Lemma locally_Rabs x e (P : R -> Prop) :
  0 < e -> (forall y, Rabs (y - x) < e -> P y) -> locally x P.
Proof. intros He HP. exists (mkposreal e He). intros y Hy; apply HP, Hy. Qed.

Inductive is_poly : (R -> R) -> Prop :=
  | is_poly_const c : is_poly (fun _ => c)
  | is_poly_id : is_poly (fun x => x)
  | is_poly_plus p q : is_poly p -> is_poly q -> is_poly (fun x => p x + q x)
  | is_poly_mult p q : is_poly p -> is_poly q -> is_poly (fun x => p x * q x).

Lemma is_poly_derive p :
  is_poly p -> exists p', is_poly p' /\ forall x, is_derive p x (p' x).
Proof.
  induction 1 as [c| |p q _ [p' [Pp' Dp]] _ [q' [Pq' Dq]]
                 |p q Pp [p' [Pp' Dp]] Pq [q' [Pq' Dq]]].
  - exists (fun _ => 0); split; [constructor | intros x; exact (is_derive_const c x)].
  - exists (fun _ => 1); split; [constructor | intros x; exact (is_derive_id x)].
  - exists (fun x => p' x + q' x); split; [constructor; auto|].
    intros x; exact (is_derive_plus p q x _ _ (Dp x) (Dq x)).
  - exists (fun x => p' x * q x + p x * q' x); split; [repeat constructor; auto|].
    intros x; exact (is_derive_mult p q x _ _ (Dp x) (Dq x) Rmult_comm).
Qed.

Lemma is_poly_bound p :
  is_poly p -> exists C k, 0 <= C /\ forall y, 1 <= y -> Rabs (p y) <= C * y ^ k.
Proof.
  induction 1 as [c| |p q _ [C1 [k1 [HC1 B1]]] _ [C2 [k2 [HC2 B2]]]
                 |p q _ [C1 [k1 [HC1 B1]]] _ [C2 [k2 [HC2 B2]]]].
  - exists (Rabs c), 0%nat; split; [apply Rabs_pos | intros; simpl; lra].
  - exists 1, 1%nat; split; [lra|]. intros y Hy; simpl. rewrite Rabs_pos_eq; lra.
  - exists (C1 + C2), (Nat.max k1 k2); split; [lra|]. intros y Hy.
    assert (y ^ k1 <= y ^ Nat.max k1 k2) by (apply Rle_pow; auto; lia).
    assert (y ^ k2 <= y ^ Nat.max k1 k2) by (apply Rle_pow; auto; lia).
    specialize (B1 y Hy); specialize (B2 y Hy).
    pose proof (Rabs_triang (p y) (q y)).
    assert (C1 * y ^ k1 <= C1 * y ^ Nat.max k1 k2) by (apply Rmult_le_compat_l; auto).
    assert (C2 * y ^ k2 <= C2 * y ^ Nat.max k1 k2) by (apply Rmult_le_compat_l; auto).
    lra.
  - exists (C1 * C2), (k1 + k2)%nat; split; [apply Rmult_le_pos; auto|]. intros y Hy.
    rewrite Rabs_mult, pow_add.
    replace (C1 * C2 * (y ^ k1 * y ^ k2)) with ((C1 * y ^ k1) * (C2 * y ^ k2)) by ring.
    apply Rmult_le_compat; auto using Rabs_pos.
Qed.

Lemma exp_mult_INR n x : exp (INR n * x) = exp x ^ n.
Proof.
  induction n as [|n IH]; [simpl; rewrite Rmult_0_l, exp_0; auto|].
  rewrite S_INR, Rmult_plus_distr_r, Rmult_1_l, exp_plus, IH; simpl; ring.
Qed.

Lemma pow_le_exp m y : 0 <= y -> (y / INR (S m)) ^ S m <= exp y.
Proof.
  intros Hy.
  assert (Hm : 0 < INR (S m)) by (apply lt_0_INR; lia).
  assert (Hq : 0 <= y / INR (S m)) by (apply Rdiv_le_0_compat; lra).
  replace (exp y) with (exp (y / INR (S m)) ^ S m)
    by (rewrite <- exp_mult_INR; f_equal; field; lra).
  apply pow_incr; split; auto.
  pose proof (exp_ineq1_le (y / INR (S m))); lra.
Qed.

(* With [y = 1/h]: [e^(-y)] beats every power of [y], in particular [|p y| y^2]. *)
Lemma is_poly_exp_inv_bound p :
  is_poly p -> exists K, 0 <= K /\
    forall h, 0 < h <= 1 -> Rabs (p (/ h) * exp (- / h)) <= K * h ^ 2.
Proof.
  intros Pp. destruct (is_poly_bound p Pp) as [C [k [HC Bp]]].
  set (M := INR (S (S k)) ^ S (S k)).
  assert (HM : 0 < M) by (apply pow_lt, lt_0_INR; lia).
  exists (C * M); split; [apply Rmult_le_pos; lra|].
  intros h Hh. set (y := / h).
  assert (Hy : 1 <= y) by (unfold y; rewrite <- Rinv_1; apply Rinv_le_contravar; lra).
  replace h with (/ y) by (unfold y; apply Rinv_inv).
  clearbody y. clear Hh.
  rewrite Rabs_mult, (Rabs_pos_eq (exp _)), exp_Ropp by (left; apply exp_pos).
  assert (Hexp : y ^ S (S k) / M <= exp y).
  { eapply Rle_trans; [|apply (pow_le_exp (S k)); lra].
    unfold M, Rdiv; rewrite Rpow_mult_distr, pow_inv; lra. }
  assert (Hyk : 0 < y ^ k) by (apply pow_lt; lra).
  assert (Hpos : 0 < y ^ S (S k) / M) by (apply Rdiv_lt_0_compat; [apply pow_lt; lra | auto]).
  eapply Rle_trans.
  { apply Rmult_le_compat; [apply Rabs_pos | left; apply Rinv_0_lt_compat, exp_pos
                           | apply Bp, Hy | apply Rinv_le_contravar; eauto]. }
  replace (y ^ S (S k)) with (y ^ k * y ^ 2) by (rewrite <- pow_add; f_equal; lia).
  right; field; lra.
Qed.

## [Activity]
Return the material exactly as it was provided.

## [Response box]
Lemma locally_Rabs x e (P : R -> Prop) :
  0 < e -> (forall y, Rabs (y - x) < e -> P y) -> locally x P.
Proof. intros He HP. exists (mkposreal e He). intros y Hy; apply HP, Hy. Qed.

Inductive is_poly : (R -> R) -> Prop :=
  | is_poly_const c : is_poly (fun _ => c)
  | is_poly_id : is_poly (fun x => x)
  | is_poly_plus p q : is_poly p -> is_poly q -> is_poly (fun x => p x + q x)
  | is_poly_mult p q : is_poly p -> is_poly q -> is_poly (fun x => p x * q x).

Lemma is_poly_derive p :
  is_poly p -> exists p', is_poly p' /\ forall x, is_derive p x (p' x).
Proof.
  induction 1 as [c| |p q _ [p' [Pp' Dp]] _ [q' [Pq' Dq]]
                 |p q Pp [p' [Pp' Dp]] Pq [q' [Pq' Dq]]].
  - exists (fun _ => 0); split; [constructor | intros x; exact (is_derive_const c x)].
  - exists (fun _ => 1); split; [constructor | intros x; exact (is_derive_id x)].
  - exists (fun x => p' x + q' x); split; [constructor; auto|].
    intros x; exact (is_derive_plus p q x _ _ (Dp x) (Dq x)).
  - exists (fun x => p' x * q x + p x * q' x); split; [repeat constructor; auto|].
    intros x; exact (is_derive_mult p q x _ _ (Dp x) (Dq x) Rmult_comm).
Qed.

Lemma is_poly_bound p :
  is_poly p -> exists C k, 0 <= C /\ forall y, 1 <= y -> Rabs (p y) <= C * y ^ k.
Proof.
  induction 1 as [c| |p q _ [C1 [k1 [HC1 B1]]] _ [C2 [k2 [HC2 B2]]]
                 |p q _ [C1 [k1 [HC1 B1]]] _ [C2 [k2 [HC2 B2]]]].
  - exists (Rabs c), 0%nat; split; [apply Rabs_pos | intros; simpl; lra].
  - exists 1, 1%nat; split; [lra|]. intros y Hy; simpl. rewrite Rabs_pos_eq; lra.
  - exists (C1 + C2), (Nat.max k1 k2); split; [lra|]. intros y Hy.
    assert (y ^ k1 <= y ^ Nat.max k1 k2) by (apply Rle_pow; auto; lia).
    assert (y ^ k2 <= y ^ Nat.max k1 k2) by (apply Rle_pow; auto; lia).
    specialize (B1 y Hy); specialize (B2 y Hy).
    pose proof (Rabs_triang (p y) (q y)).
    assert (C1 * y ^ k1 <= C1 * y ^ Nat.max k1 k2) by (apply Rmult_le_compat_l; auto).
    assert (C2 * y ^ k2 <= C2 * y ^ Nat.max k1 k2) by (apply Rmult_le_compat_l; auto).
    lra.
  - exists (C1 * C2), (k1 + k2)%nat; split; [apply Rmult_le_pos; auto|]. intros y Hy.
    rewrite Rabs_mult, pow_add.
    replace (C1 * C2 * (y ^ k1 * y ^ k2)) with ((C1 * y ^ k1) * (C2 * y ^ k2)) by ring.
    apply Rmult_le_compat; auto using Rabs_pos.
Qed.

Lemma exp_mult_INR n x : exp (INR n * x) = exp x ^ n.
Proof.
  induction n as [|n IH]; [simpl; rewrite Rmult_0_l, exp_0; auto|].
  rewrite S_INR, Rmult_plus_distr_r, Rmult_1_l, exp_plus, IH; simpl; ring.
Qed.

Lemma pow_le_exp m y : 0 <= y -> (y / INR (S m)) ^ S m <= exp y.
Proof.
  intros Hy.
  assert (Hm : 0 < INR (S m)) by (apply lt_0_INR; lia).
  assert (Hq : 0 <= y / INR (S m)) by (apply Rdiv_le_0_compat; lra).
  replace (exp y) with (exp (y / INR (S m)) ^ S m)
    by (rewrite <- exp_mult_INR; f_equal; field; lra).
  apply pow_incr; split; auto.
  pose proof (exp_ineq1_le (y / INR (S m))); lra.
Qed.

(* With [y = 1/h]: [e^(-y)] beats every power of [y], in particular [|p y| y^2]. *)
Lemma is_poly_exp_inv_bound p :
  is_poly p -> exists K, 0 <= K /\
    forall h, 0 < h <= 1 -> Rabs (p (/ h) * exp (- / h)) <= K * h ^ 2.
Proof.
  intros Pp. destruct (is_poly_bound p Pp) as [C [k [HC Bp]]].
  set (M := INR (S (S k)) ^ S (S k)).
  assert (HM : 0 < M) by (apply pow_lt, lt_0_INR; lia).
  exists (C * M); split; [apply Rmult_le_pos; lra|].
  intros h Hh. set (y := / h).
  assert (Hy : 1 <= y) by (unfold y; rewrite <- Rinv_1; apply Rinv_le_contravar; lra).
  replace h with (/ y) by (unfold y; apply Rinv_inv).
  clearbody y. clear Hh.
  rewrite Rabs_mult, (Rabs_pos_eq (exp _)), exp_Ropp by (left; apply exp_pos).
  assert (Hexp : y ^ S (S k) / M <= exp y).
  { eapply Rle_trans; [|apply (pow_le_exp (S k)); lra].
    unfold M, Rdiv; rewrite Rpow_mult_distr, pow_inv; lra. }
  assert (Hyk : 0 < y ^ k) by (apply pow_lt; lra).
  assert (Hpos : 0 < y ^ S (S k) / M) by (apply Rdiv_lt_0_compat; [apply pow_lt; lra | auto]).
  eapply Rle_trans.
  { apply Rmult_le_compat; [apply Rabs_pos | left; apply Rinv_0_lt_compat, exp_pos
                           | apply Bp, Hy | apply Rinv_le_contravar; eauto]. }
  replace (y ^ S (S k)) with (y ^ k * y ^ 2) by (rewrite <- pow_add; f_equal; lia).
  right; field; lra.
Qed.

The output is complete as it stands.